Segment Open
Definition opposite_at (h : set X) : Prop := forall l, U l h <-> ~ U' l h.

Definition signs (h : set X) : {ffun 'I_K -> bool} := [ffun l => `[< U l h >]].

Lemma transverse_of_normalized_signs (i0 : 'I_K) (h k : set X) :
  halfspace d h -> halfspace d k -> opposite_at h -> opposite_at k ->
  normalize i0 (signs h) != normalize i0 (signs k) -> transverse h k.
Proof.
move=> hh hk opph oppk /normalize_neq [[i si] [j sj]].
apply: (transverse_of_opposite_orientations (oU j) (oU' j) (oU i) (oU' i)) => //.
  by apply: asbool_eq_equiv; apply/eqP; rewrite !ffunE in sj.
by move=> /asbool_equiv_eq e; rewrite !ffunE e eqxx in si.
Qed.

Lemma orientations_card_le :
  (forall i j, i != j ->
     exists h, [/\ halfspace d h, opposite_at h & ~ (U i h <-> U j h)]) ->
  (K <= 2 ^ N)%N.
Proof.
move=> sep; case: (posnP K) => [-> //|K_gt0]; pose i0 := Ordinal K_gt0.
pose good h := halfspace d h /\ opposite_at h.
pose C := [set c | `[< exists2 h, good h & normalize i0 (signs h) = c >]]%SET.
have /choice [rep repP] :
    forall c, exists h, c \in C -> good h /\ normalize i0 (signs h) = c.
  move=> c.
  have [|_] := boolP (c \in C); last by exists set0.
  by rewrite inE => /asboolP [h gh <-]; exists h.
have C_le : (#|C| <= N)%N.
  apply: (rank_le (f := fun i => rep (enum_val i))) => [i|i j ij].
    by have [[]] := repP _ (enum_valP i).
  have [[hi oppi] si] := repP _ (enum_valP i).
  have [[hj oppj] sj] := repP _ (enum_valP j).
  apply: (transverse_of_normalized_signs (i0 := i0)) => //.
  by rewrite si sj (inj_eq enum_val_inj).
have C_sep : forall i j, i != j -> exists2 c, c \in C & c i != c j.
  move=> i j /sep [h [hh opph diff]]; exists (normalize i0 (signs h)).
    by rewrite inE; apply/asboolP; exists h.
  rewrite normalize_eq /signs !ffunE; apply/negP => /eqP e.
  by apply: diff; exact: asbool_eq_equiv e.
by apply: (leq_trans (card_le_exp_separating C_sep)); rewrite leq_exp2l.
Qed.

End SignVectors.

Section LocalMeasurability.
Context {R : realType} {X : Type} (d : X -> X -> R).
Implicit Types (A B C : set (set X)).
Segment Closed
Within the listing above, work out the number of lines that hold "forall", and give that number alone.

--- Output for this task ---
4